The following sections summaries each of these approaches and their findings.
Axis 1: archival science data collection
The mixed character of the approach necessitated mixed data collection methods. A systematic literature review, Likert questionnaire and uses cases were conducted and synchronized between the two main axes of the research.
Systematic literature review: a systematic literature review covered the past three decades. A variety of sources were considered in different languages, primarily English and French. Other Arabic and German texts were also consulted. The identified literature included academic projects and studies, best practices and corporate initiatives in public and private entities, as well as standards and normative texts advanced in different European, Asian and North American countries. A predefined reading grid was prepared to guarantee the rigor of this investigation and the relevance of its results. The review generated a set of appraisal metrics.
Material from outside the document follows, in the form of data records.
(* Let $(X,\|\cdot\|)$ be an extended normed linear space and let $\tau_F$ be the finest locally convex topology of $X$. Then $(X,\tau_F)$ is metrizable if and only if $X/X_{fin}$ is finite dimensional, where $X_{fin}=\{x\in X:\|x\|<\infty\}$.
   Context: An extended norm on a vector space $X$ over $\mathbb{R}$ or $\mathbb{C}$ is a map $\|\cdot\|:X\to[0,\infty]$ with $\|x\|=0$ iff $x=0_X$, $\|\alpha x\|=|\alpha|\|x\|$, and $\|x+y\|\le\|x\|+\|y\|$; $X$ carries the topology with basic neighborhoods $\{y:\|y-x\|<\varepsilon\}$. A locally convex topology on $X$ is one induced by a family of finite-valued seminorms. The finest locally convex topology of $X$ is the locally convex topology $\tau_F$ coarser than the extended norm topology such that every locally convex topology coarser than the extended norm topology is coarser than $\tau_F$. *)

From HB Require Import structures.
From mathcomp Require Import all_boot all_order all_algebra.
From mathcomp Require Import complex.
From mathcomp Require Import boolp classical_sets reals constructive_ereal.
Set Implicit Arguments. Unset Strict Implicit. Unset Printing Implicit Defensive.
Import Order.TTheory GRing.Theory Num.Theory.
Local Open Scope classical_set_scope.
Local Open Scope ring_scope.

(* Scalars: a field K (R or C = R[i]) with absolute value absK : K -> R.   *)
(* Topologies on a fixed carrier X are represented by their families of   *)
(* open sets (set (set X)), since X carries several topologies at once.    *)

Section Defs.
Variables (R : realType) (K : numFieldType) (absK : K -> R) (X : lmodType K).

Definition is_extended_norm (N : X -> \bar R) : Prop :=
  [/\ forall x, (0 <= N x)%E,
      forall x, N x = 0%E <-> x = 0,
      forall (a : K) x, N (a *: x) = ((absK a)%:E * N x)%E &
      forall x y, (N (x + y)%R <= N x + N y)%E].

Definition enorm_topology (N : X -> \bar R) : set (set X) :=
  [set U | forall x, U x ->
     exists2 e : R, 0 < e & [set y | (N (y - x)%R < e%:E)%E] `<=` U].

Definition is_seminorm (p : X -> R) : Prop :=
  [/\ forall x, 0 <= p x,
      forall (a : K) x, p (a *: x) = absK a * p x &
      forall x y, p (x + y) <= p x + p y].

Definition seminorm_topology (P : set (X -> R)) : set (set X) :=
  [set U | forall x, U x ->
     exists (s : seq (X -> R)) (e : R),
       [/\ forall p, p \in s -> P p, 0 < e &
           [set y | forall p, p \in s -> p (y - x) < e] `<=` U]].

Definition locally_convex_topology (T : set (set X)) : Prop :=
  exists P : set (X -> R), (forall p, P p -> is_seminorm p) /\
                           T = seminorm_topology P.

Definition coarser (T1 T2 : set (set X)) : Prop := T1 `<=` T2.

Definition finest_locally_convex_topology (N : X -> \bar R)
    (tauF : set (set X)) : Prop :=
  [/\ locally_convex_topology tauF,
      coarser tauF (enorm_topology N) &
      forall T, locally_convex_topology T -> coarser T (enorm_topology N) ->
        coarser T tauF].

Definition is_metric (d : X -> X -> R) : Prop :=
  [/\ forall x y, 0 <= d x y,
      forall x y, d x y = 0 <-> x = y,
      forall x y, d x y = d y x &
      forall x y z, d x z <= d x y + d y z].

Definition metric_topology (d : X -> X -> R) : set (set X) :=
  [set U | forall x, U x ->
     exists2 e : R, 0 < e & [set y | d x y < e] `<=` U].

Definition metrizable (T : set (set X)) : Prop :=
  exists d, is_metric d /\ T = metric_topology d.

Definition Xfin (N : X -> \bar R) : set X := [set x | (N x < +oo)%E].

(* X / X_fin is finite dimensional: finitely many cosets span X / X_fin *)
Definition finite_dim_quotient (N : X -> \bar R) : Prop :=
  exists (n : nat) (v : 'I_n -> X),
    forall x : X, exists c : 'I_n -> K,
      Xfin N (x - \sum_(i < n) c i *: v i).

Definition corollary5p11_statement : Prop :=
  forall (N : X -> \bar R) (tauF : set (set X)),
    is_extended_norm N ->
    finest_locally_convex_topology N tauF ->
    (metrizable tauF <-> finite_dim_quotient N).

End Defs.

Definition absC (R : realType) (z : R[i]) : R := complex.Re `|z|.

(* If e_1, ..., e_m span X and are free modulo X_fin, their coordinate forms
   c_i vanish on X_fin and
     q x = ||x - sum_i c_i(x) e_i|| + sum_i |c_i(x)|
   is a norm that coincides with ||.|| on X_fin.  Being dominated by ||.||, it
   defines a locally convex topology below tau_F; and every tau_F-continuous
   seminorm is bounded by a multiple of q.  Hence tau_F is the q-norm topology.

   Conversely, a metrizable tau_F has a countable base {sigma_k < 1} of
   seminorm balls at 0.  If X / X_fin were infinite-dimensional, there would be
   nonzero linear forms psi_k vanishing on X_fin such that each x is killed by
   all but finitely many of them; r = sum_k w_k |psi_k| is then a seminorm
   vanishing on X_fin, so {r < 1} is a tau_F-neighbourhood of 0, while the
   weights w_k can be chosen so that {r < 1} contains no sigma_k-ball. *)

From mathcomp Require Import all_boot all_order all_algebra.
From mathcomp Require Import complex.
From mathcomp Require Import boolp classical_sets reals constructive_ereal.
Set Implicit Arguments. Unset Strict Implicit. Unset Printing Implicit Defensive.
Import Order.TTheory GRing.Theory Num.Theory.
Local Open Scope classical_set_scope.
Local Open Scope ring_scope.

Section Subspaces.
Variables (K : fieldType) (X : lmodType K).
Implicit Types (G : set X) (a : K) (x y : X).

Definition subspace G :=
  [/\ G 0, forall x y, G x -> G y -> G (x + y) & forall a x, G x -> G (a *: x)].

Definition linear_form (phi : X -> K) :=
  (forall x y, phi (x + y) = phi x + phi y) /\ (forall a x, phi (a *: x) = a * phi x).

Section SubspaceTheory.
Variables (G : set X) (sG : subspace G).

Lemma subspace0 : G 0. Proof. by case: sG. Qed.
Lemma subspaceD x y : G x -> G y -> G (x + y). Proof. by case: sG => _ + _; apply. Qed.
Lemma subspaceZ a x : G x -> G (a *: x). Proof. by case: sG => _ _; apply. Qed.
Lemma subspaceN x : G x -> G (- x). Proof. by rewrite -scaleN1r; apply: subspaceZ. Qed.
Lemma subspaceB x y : G x -> G y -> G (x - y).
Proof. by move=> Gx Gy; apply/subspaceD/subspaceN. Qed.

End SubspaceTheory.

Lemma linear_form0 phi : linear_form phi -> phi 0 = 0.
Proof. by case=> _ phiZ; rewrite -(scale0r 0) phiZ mul0r. Qed.

Lemma linear_form_sum phi I (r : seq I) (c : I -> K) (v : I -> X) :
  linear_form phi -> phi (\sum_(i <- r) c i *: v i) = \sum_(i <- r) c i * phi (v i).
Proof.
move=> lphi; have [phiD phiZ] := lphi.
by rewrite (big_morph phi phiD (linear_form0 lphi)); apply: eq_bigr => i _; rewrite phiZ.
Qed.

Lemma subspace_complement G : subspace G -> exists C,
  [/\ subspace C, forall x, G x -> C x -> x = 0 & forall x, exists c, C c /\ G (x - c)].
Proof.
move=> sG.
(* [Q] does not require [A 0], so that [set0], the union of the empty chain, is in [Q]. *)
pose Q := [set A : set X | [/\ forall x y, A x -> A y -> A (x + y),
  forall a x, A x -> A (a *: x) & forall x, A x -> G x -> x = 0]].
have [A [[AD AZ AG] Amax]] : exists A, Q A /\ forall B, A `<` B -> ~ Q B.
  apply: Zorn_bigcup => F FQ Ftot; split.
  - move=> x y [A1 FA1 xA1] [A2 FA2 yA2].
    have [A12|A21] := Ftot _ _ FA1 FA2.
    + by exists A2 => //; have [+ _ _] := FQ _ FA2; apply; first exact: A12.
    + by exists A1 => //; have [+ _ _] := FQ _ FA1; apply; last exact: A21.
  - by move=> a x [A1 FA1 xA1]; exists A1 => //; have [_ + _] := FQ _ FA1; apply.
  - by move=> x [A1 FA1 xA1]; have [_ _] := FQ _ FA1; apply.
have A0 : A 0.
  apply: contrapT => nA0; apply: (Amax (A `|` [set 0])).
    by split=> [x Ax|BA]; [left | apply/nA0/BA; right].
  split.
  - by move=> x y [Ax|->] [Ay|->]; rewrite ?addr0 ?add0r; [left; apply: AD|left|left|right].
  - by move=> a x [Ax|->]; [left; apply: AZ | right; rewrite scaler0].
  - by move=> x [Ax|->] // /(AG _ Ax).
exists A; split=> [|x Gx Ax|x]; [by split | exact: AG |].
apply: contrapT => nx.
have {}nx c : A c -> ~ G (x - c) by move=> Ac Gc; apply: nx; exists c.
pose B := [set y | exists c a, A c /\ y = c + a *: x].
apply: (Amax B).
  split=> [y Ay|BA]; first by exists y, 0; rewrite scale0r addr0.
  have Ax : A x by apply: BA; exists 0, 1; rewrite add0r scale1r.
  by apply: (nx x) => //; rewrite subrr; apply: (subspace0 sG).
split.
- move=> _ _ [c1 [a1 [Ac1 ->]]] [c2 [a2 [Ac2 ->]]].
  by exists (c1 + c2), (a1 + a2); rewrite scalerDl addrACA; split; first exact: AD.
- move=> b _ [c [a [Ac ->]]]; exists (b *: c), (b * a).
  by rewrite scalerDr scalerA; split; first exact: AZ.
- move=> _ [c [a [Ac ->]]]; have [->|a0] := eqVneq a 0 => Gy.
    by rewrite scale0r addr0 in Gy *; apply: AG.
  exfalso; apply: (nx (- a^-1 *: c)); first exact: AZ.
  have -> : x - - a^-1 *: c = a^-1 *: (c + a *: x).
    by rewrite scaleNr opprK scalerDr scalerA mulVf // scale1r addrC.
  exact: (subspaceZ sG _ Gy).
Qed.

Lemma subspace_projection G : subspace G -> exists pi : X -> X,
  [/\ forall x y, pi (x + y) = pi x + pi y, forall a x, pi (a *: x) = a *: pi x,
      forall x, G (pi x) & forall x, G x -> pi x = x].
Proof.
move=> sG; have [C [sC CG CGx]] := subspace_complement sG.
have [c cP] := choice CGx.
have c_unique x c1 c2 : C c1 -> C c2 -> G (x - c1) -> G (x - c2) -> c1 = c2.
  move=> Cc1 Cc2 Gc1 Gc2; apply/eqP; rewrite -subr_eq0; apply/eqP/CG.
    have -> : c1 - c2 = (x - c2) - (x - c1) by rewrite opprB [RHS]addrC addrA subrK.
    exact: (subspaceB sG Gc2 Gc1).
  exact: (subspaceB sC Cc1 Cc2).
exists (fun x => x - c x); split=> [x y|a x|x|x Gx].
- suff -> : c (x + y) = c x + c y by rewrite opprD addrACA.
  apply: (c_unique (x + y)); [exact: (cP _).1 | apply: (subspaceD sC); apply: (cP _).1 |
    exact: (cP _).2 | rewrite opprD addrACA; apply: (subspaceD sG); apply: (cP _).2].
- suff -> : c (a *: x) = a *: c x by rewrite scalerBr.
  apply: (c_unique (a *: x)); [exact: (cP _).1 | apply: (subspaceZ sC); apply: (cP _).1 |
    exact: (cP _).2 | rewrite -scalerBr; apply: (subspaceZ sG); apply: (cP _).2].
- exact: (cP _).2.
- suff -> : c x = 0 by rewrite subr0.
  apply: (c_unique x); [exact: (cP _).1 | exact: (subspace0 sC) | exact: (cP _).2 |].
  by rewrite subr0.
Qed.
Likert test: The purpose of this step was to evaluate and reach a certain global validation of a set of appraisal metrics by a group of five international experts. These latest contributed also to data mining metrics and functionalities.
Initially, a pre-test was performed to verify the clarity and adequacy of the defined protocol before it was proposed to experts. The choice of experts focused on professionals – archivists or related professionals – with a good knowledge and experience of archival processes, criteria and appraisal tools. A minimum of three experts was required, but ultimately, five experts volunteered to perform the test. Of these, three are active in archives of public institutions (two at the cantonal level and one at the communal level), one person is in charge of private archives in a city library and the other expert works in a private information management and archiving consulting company. The tests were carried out individually to avoid the transfer of bias from one opinion to another. Candidates had to read the available documentation on proposed metrics. The experts were then able to carry out the test by expressing for each measure and variable their level of agreement on a five-point scale:
I totally agree;
I neither agree nor disagree;
I disagree; and
I strongly disagree.
They also had the opportunity to make comments or suggestions for improvements. Another test with the same group of experts was conducted on text mining metrics and functionalities.
Case studies: Three case studies were developed to concretely demonstrate the nature and relevance of the expected software functionality through archival metrics and data metrics.
The objective was to simulate needs, actions, facilities, roles, actors and processes within the framework of three imagined scenarios representing three levels of records management maturity. These cases were designed to imagine three corporate records management maturity levels to be considered:
Case 1: Appraisal of unstructured data sets that are proposed by an entity not particularly well known and whose level of maturity is low and corresponds to Level 1. In this case, the data are imported without previous records processing, meaning they have limited or no description, organization or alignment to good practices and recognized records and archives management national and international standards in force.
Case 2: Appraisal of files proposed by an identifiable producer whose records management maturity is at Level 2. In this case, the data are structured in files and/or series, but their records processing is partial and incomplete.
Case 3: Appraisal of files of an identifiable producer whose maturity is high and corresponds to Level 3. At this level, the data are imported to the expected appraisal tool. Records processing has been undertaken using established good practices and standards, and the records have been well managed across their entire life cycle.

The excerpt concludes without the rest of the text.